But, in some cases NULL is equal to itself, such as in DISTINCT:

elvis=# SELECT DISTINCT *
        FROM (VALUES (1), (NULL), (NULL)) AS q;
 column1
---------

       1
(2 rows)

or UNION:

elvis=# VALUES (1), (NULL) UNION VALUES (2), (NULL);
 column1
---------

       1
       2
(3 rows)

Much of the traditional logic and boolean algebra rules cannot be safely applied to SQL boolean expressions in the presence of NULL. For example, the law of excluded middle, p OR NOT p, does not evaluate to true if p is NULL:

postgres=# SELECT count(*) FROM x WHERE a = 1 OR a != 1;
 count
-------
     2
(1 row)

Worse yet:

postgres=# SELECT
               b,
               CASE WHEN a = 1
               THEN 'one'
               ELSE 'not one'
               END
           FROM x;
   b   |  case
-------+---------
 one   | one
 two   | not one
 three | not one
(3 rows)

postgres=# SELECT
               b,
               CASE WHEN a != 1
               THEN 'not one'
               ELSE 'one'
               END
           FROM x;
   b   |  case
-------+---------
 one   | one
 two   | not one
 three | one
(3 rows)

The the row containing b=3 is classified either as 'one' or 'not one' even though the construction of the CASE expression appears equivalent in both cases.

Rows containing NULL sometimes get counted, and sometimes not:

postgres=# SELECT count(a) FROM x;
 count
-------
     2
(1 row)

postgres=# SELECT cardinality(array_agg(a)) FROM x;
 cardinality
-------------
           3
(1 row)

postgres=# SELECT count(*) FROM x;
 count
-------
     3
(1 row)

Rows containing NULL cannot be compared:

postgres=# SELECT (NULL, 1) = (NULL, 1);
 ?column?
----------

(1 row)

And even IS NULL doesn’t work:

postgres=# SELECT (NULL, 1) IS NULL;
 ?column?
----------
 f
(1 row)

postgres=# SELECT (NULL, 1) IS NOT NULL;
 ?column?
----------
 f
(1 row)

What’s worse, the databases often uses NULL to indicate an error condition, so your query might contain NULLs even if you don’t expect them:

postgres=# SELECT (ARRAY[1, 2])[3];
 array
-------

(1 row)

postgres=# SELECT to_char(timestamp '2001-02-16 20:38:40', '');
 to_char
---------

(1 row)

In PostgreSQL division by zero is an exception, whereas MySQL simply returns NULL:

mysql> SELECT 1 / 0;
+-------+
| 1 / 0 |
+-------+
|  NULL |
+-------+
1 row in set, 1 warning (0.00 sec)

There are many more cases like these, and there is no consistency in a single SQL implementation, let alone across all implementations.

OK, so we have highlighted the shortcomings of SQL. Why do they matter? It’s all about ergonomics. Orthogonality, compactness, and consistency are all essential traits of a programming language that is easy to learn and use effectively on every level of expertise, team size, and project complexity.

We have become accustomed to a constant improvement and reimagination of programming languages. Swift, Rust, Kotlin, Go, just to name a few, are great examples in the advancement of engineer ergonomics and productivity. But SQL, often hidden behind layers of ORMs and frameworks, is still very much the dominant data language.

The NoSQL movement was born, in part, out of the frustration with the perceived stagnation and inadequacy of SQL databases. Unfortunately, in the pursuit of ditching SQL, the NoSQL approaches also abandoned the relational model and other good parts of RDBMSes.

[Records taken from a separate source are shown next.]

(* Let $I=\ker\big(S\otimes_{\mathbf C}S\to\mathbf C[\mathcal M_{\ge0}]\otimes_{\mathbf C}S\big)$ be as in the context. Then $I$ is generated as an ideal of $S\otimes_{\mathbf C}S$ by \[ \{\,x^D\otimes x^E - x^E\otimes x^D \;\mid\; D,E\in\tilde M_{\ge0},\ [D]=[E]\,\}, \] and, if for each chamber $\Gamma$ of the arrangement $\mathcal A$ a set $\Xi_\Gamma$ of generators of the semigroup $M\cap\Gamma$ is chosen, also by \[ \{\,x^{D^+(m)}\otimes x^{D^-(m)} - x^{D^-(m)}\otimes x^{D^+(m)} \;\mid\; m\in\textstyle\bigcup_\Gamma\Xi_\Gamma\,\}, \] the union being over all chambers $\Gamma$.
   Context: Let $M=\mathbf Z^r$, $N=\mathrm{Hom}_{\mathbf Z}(M,\mathbf Z)$ with pairing $\langle\ ,\ \rangle$, and let $\Sigma$ be a finite complete fan in $N_{\mathbf R}$ (defining a complete toric variety $X$ over $\mathbf C$). Let $\rho_1,\dots,\rho_l$ be the one-dimensional cones of $\Sigma$ and $n_j\in N$ the primitive generator of $\rho_j$. Let $\tilde M$ be the free $\mathbf Z$-module with basis $\tilde m_1,\dots,\tilde m_l$, let $\pi^*:M\to\tilde M$, $\pi^*(m)=\sum_j\langle m,n_j\rangle\tilde m_j$, let $\mathcal M=\mathrm{coker}(\pi^* )$ and $\mu_j\in\mathcal M$ the image of $\tilde m_j$. Let $\tilde M_{\ge0}=\sum_j\mathbf Z_{\ge0}\tilde m_j$ and $\mathcal M_{\ge0}=\sum_j\mathbf Z_{\ge0}\mu_j$. Let $S=\mathbf C[x_1,\dots,x_l]$, graded by $\deg x_j=\mu_j$. For $D=\sum_j a_j\tilde m_j\in\tilde M_{\ge0}$ put $x^D=\prod_j x_j^{a_j}$ and $[D]=\sum_j a_j\mu_j$. For $m\in M$ put $D^+(m)=\sum_{\langle m,n_j\rangle>0}\langle m,n_j\rangle\tilde m_j$ and $D^-(m)=\sum_{\langle m,n_j\rangle<0}(-\langle m,n_j\rangle)\tilde m_j$. The $\mathbf C$-algebra homomorphism $S\otimes_{\mathbf C}S\to\mathbf C[\mathcal M_{\ge0}]\otimes_{\mathbf C}S$ is defined by $x^D\otimes x^E\mapsto\mathbf e([D])\otimes x^{D+E}$, where $\mathbf e(\alpha)$ denotes the basis element of the semigroup algebra $\mathbf C[\mathcal M_{\ge0}]$ corresponding to $\alpha$. Let $\mathcal A$ be the arrangement of hyperplanes $\{m\in\mathbf R^r:\langle m,n_j\rangle=0\}$, $j=1,\dots,l$; a chamber is a closed top-dimensional polyhedral cone of the partition of $\mathbf R^r$ induced by $\mathcal A$. *)

From HB Require Import structures.
From mathcomp Require Import all_boot all_order all_algebra.
From Stdlib Require Import ClassicalEpsilon.
Set Implicit Arguments. Unset Strict Implicit. Unset Printing Implicit Defensive.
Import Order.TTheory GRing.Theory Num.Theory.
Local Open Scope ring_scope.

(* M = Z^r : integer vectors; N = Hom(M,Z) identified with Z^r via the
   standard pairing. *)
Definition vec (r : nat) := {ffun 'I_r -> int}.
Definition pairing (r : nat) (m v : vec r) : int := \sum_(i < r) m i * v i.

(* A finite family of vectors is
   the family of ray generators of some complete fan iff the vectors are
   primitive, pairwise distinct and their nonnegative span is all of N_R
   (equivalently, for rational data, of N_Q). *)
Definition primitive (r : nat) (v : vec r) : Prop :=
  forall k : int, (forall i, (k %| v i)%Z) -> `|k| = 1.

Definition complete_fan_rays (r l : nat) (n : 'I_l -> vec r) : Prop :=
  [/\ forall j, primitive (n j),
      injective n &
      forall v : vec r, exists c : 'I_l -> rat,
        (forall j, 0 <= c j) /\
        forall i, (v i)%:~R = \sum_(j < l) c j * (n j i)%:~R].

(* Elements of tilde M_{>=0}: effective divisors sum a_j m_j, a_j in N. *)
Definition divisor (l : nat) := {ffun 'I_l -> nat}.
Definition addD (l : nat) (D E : divisor l) : divisor l := [ffun j => (D j + E j)%N].

(* [D] = [E] in calM = coker(pi^star) *)
Definition sameclass (r l : nat) (n : 'I_l -> vec r) (D E : divisor l) : Prop :=
  exists m : vec r, forall j, (D j)%:Z - (E j)%:Z = pairing m (n j).

Definition Dplus (r l : nat) (n : 'I_l -> vec r) (m : vec r) : divisor l :=
  [ffun j => let s := pairing m (n j) in if 0 < s then `|s|%N else 0%N].
Definition Dminus (r l : nat) (n : 'I_l -> vec r) (m : vec r) : divisor l :=
  [ffun j => let s := pairing m (n j) in if s < 0 then `|s|%N else 0%N].

(* S (x) S = C[x_1..x_l] (x) C[x_1..x_l]: its monomials are x^D (x) x^E,
   indexed by pairs (D,E).  An element is represented as a finite formal
   sum (list of (coefficient, monomial)); two representations denote the same
   element iff all their coefficients agree (peq). *)
Definition mon (l : nat) := (divisor l * divisor l)%type.
Definition tpoly (C : ringType) (l : nat) := seq (C * mon l).

Definition coef (C : ringType) (l : nat) (p : tpoly C l) (u : mon l) : C :=
  \sum_(t <- p | t.2 == u) t.1.
Definition peq (C : ringType) (l : nat) (p q : tpoly C l) : Prop :=
  forall u, coef p u = coef q u.
Definition padd (C : ringType) (l : nat) (p q : tpoly C l) : tpoly C l := p ++ q.
Definition pmul (C : ringType) (l : nat) (p q : tpoly C l) : tpoly C l :=
  [seq (a.1 * b.1, (addD a.2.1 b.2.1, addD a.2.2 b.2.2)) | a <- p, b <- q].

Definition binom (C : ringType) (l : nat) (D E : divisor l) : tpoly C l :=
  [:: (1, (D, E)); (-1, (E, D))].

Definition in_ideal (C : ringType) (l : nat) (G : tpoly C l -> Prop) (p : tpoly C l) : Prop :=
  exists rs : seq (tpoly C l * tpoly C l),
    (forall x, x \in rs -> G x.2) /\
    peq p (foldr (fun x acc => padd (pmul x.1 x.2) acc) [::] rs).

Definition pbool (P : Prop) : bool :=
  if excluded_middle_informative P then true else false.

(* The map S(x)S -> C[calM_{>=0}] (x) S, x^D (x) x^E |-> e([D]) (x) x^{D+E}.
   The coefficient of the basis element e([D0]) (x) x^F in the image of p is
   the sum of the coefficients of the monomials x^D (x) x^E of p with
   [D] = [D0] and D + E = F; p is in the kernel iff all these vanish. *)
Definition image_coef (C : ringType) (r l : nat) (n : 'I_l -> vec r)
    (p : tpoly C l) (D0 F : divisor l) : C :=
  \sum_(t <- p | (addD t.2.1 t.2.2 == F) && pbool (sameclass n t.2.1 D0)) t.1.

Definition in_kernel (C : ringType) (r l : nat) (n : 'I_l -> vec r) (p : tpoly C l) : Prop :=
  forall D0 F : divisor l, image_coef n p D0 F = 0.

(* Chambers of the arrangement {<m,n_j> = 0}: a chamber is determined by a
   sign vector s (true = positive side) realized by some point in the open
   region; the closed chamber meets M in the points below. *)
Definition is_chamber (r l : nat) (n : 'I_l -> vec r) (s : 'I_l -> bool) : Prop :=
  exists m : vec r, forall j,
    if s j then 0 < pairing m (n j) else pairing m (n j) < 0.
Definition in_chamber (r l : nat) (n : 'I_l -> vec r) (s : 'I_l -> bool) (m : vec r) : Prop :=
  forall j, if s j then 0 <= pairing m (n j) else pairing m (n j) <= 0.

Definition semigroup_generators (r l : nat) (n : 'I_l -> vec r) (s : 'I_l -> bool)
    (Xi : vec r -> Prop) : Prop :=
  (forall m, Xi m -> in_chamber n s m) /\
  (forall m, in_chamber n s m ->
     exists xs : seq (vec r), (forall x, x \in xs -> Xi x) /\ m = \sum_(x <- xs) x).

Definition gens1 (C : ringType) (r l : nat) (n : 'I_l -> vec r) (g : tpoly C l) : Prop :=
  exists D E : divisor l, sameclass n D E /\ g = binom C D E.

Definition gens2 (C : ringType) (r l : nat) (n : 'I_l -> vec r)
    (Xi : ('I_l -> bool) -> vec r -> Prop) (g : tpoly C l) : Prop :=
  exists (s : 'I_l -> bool) (m : vec r),
    [/\ is_chamber n s, Xi s m & g = binom C (Dplus n m) (Dminus n m)].

From mathcomp Require Import all_boot all_order all_algebra.
From mathcomp Require Import zify.
From Stdlib Require Import ClassicalEpsilon.
Set Implicit Arguments. Unset Strict Implicit. Unset Printing Implicit Defensive.
Import Order.TTheory GRing.Theory Num.Theory.
Local Open Scope ring_scope.

(* A formal sum is in the kernel iff, for every pair ([D0], F), the coefficients of its monomials
   x^D (x) x^E with [D] = [D0] and D + E = F add up to zero.  Replacing each monomial by a fixed
   representative of its class changes the sum by multiples of binomials
   x^A (x) x^B - x^B (x) x^A with [A] = [B] and A, B of disjoint support, and what remains cancels.
   Such a binomial is the one attached to m = A - B, namely with (A, B) = (D^+(m), D^-(m)).  Take a
   chamber containing m (it exists by perturbing m off all hyperplanes) and write m as a sum of
   generators of that chamber; D^+ and D^- are additive on a chamber, so the binomial telescopes
   into binomials of the generators.  Conversely every binomial with [D] = [E] lies in the kernel,
   as x^D (x) x^E and x^E (x) x^D have the same image. *)

Section FormalSums.

Variables (C : ringType) (l : nat).
Implicit Types (p q a : tpoly C l) (u v w : mon l).

Definition mon_mul u v : mon l := (addD u.1 v.1, addD u.2 v.2).
Definition mon1 : mon l := ([ffun => 0%N], [ffun => 0%N]).

Lemma mon_mulA : associative mon_mul.
Proof. by move=> u v w; congr pair; apply/ffunP => j; rewrite !ffunE addnA. Qed.

Lemma mon_mul1l : left_id mon1 mon_mul.
Proof. by case=> D E; congr pair; apply/ffunP => j; rewrite !ffunE. Qed.

Lemma coef_nil u : coef ([::] : tpoly C l) u = 0.
Proof. exact: big_nil. Qed.

Lemma coef_cons t p u : coef (t :: p) u = (if t.2 == u then t.1 else 0) + coef p u.
Proof. by rewrite /coef big_cons; case: ifP; rewrite ?add0r. Qed.

Lemma coef_cat p q u : coef (p ++ q) u = coef p u + coef q u.
Proof. exact: big_cat. Qed.

Lemma coef_flatten (ps : seq (tpoly C l)) u :
  coef (flatten ps) u = \sum_(q <- ps) coef q u.
Proof. by elim: ps => [|q ps IH]; rewrite ?big_nil ?coef_nil //= coef_cat IH big_cons. Qed.

Lemma big_pmul p q (F : C * mon l -> C) :
  \sum_(t <- pmul p q) F t = \sum_(a <- p) \sum_(b <- q) F (a.1 * b.1, mon_mul a.2 b.2).
Proof.
elim: p => [|a p IH]; first by rewrite !big_nil.
by rewrite /pmul /= big_cat big_map -/(pmul p q) IH big_cons.
Qed.

Lemma coef_pmul p q u :
  coef (pmul p q) u =
  \sum_(a <- p) \sum_(b <- q) (if mon_mul a.2 b.2 == u then a.1 * b.1 else 0).
Proof. by rewrite /coef big_mkcond big_pmul. Qed.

The relational model is still the most generally applicable and effective method of representing data. The concept of SQL as a declarative, storage-neutral query language is powerful and versatile. We don’t need to abandon either. What we do need is a “better SQL”: a query language that affords more power to its users, but that is also simpler and more consistent.

This is exactly what we are working hard to achieve with EdgeQL. We spent years of research and development, focusing on usability and performance without compromising correctness. In our earlier blog post we described some of the great features of the language, but it’s worth getting into some detail here to highlight how we are solving the issues brought up in this post.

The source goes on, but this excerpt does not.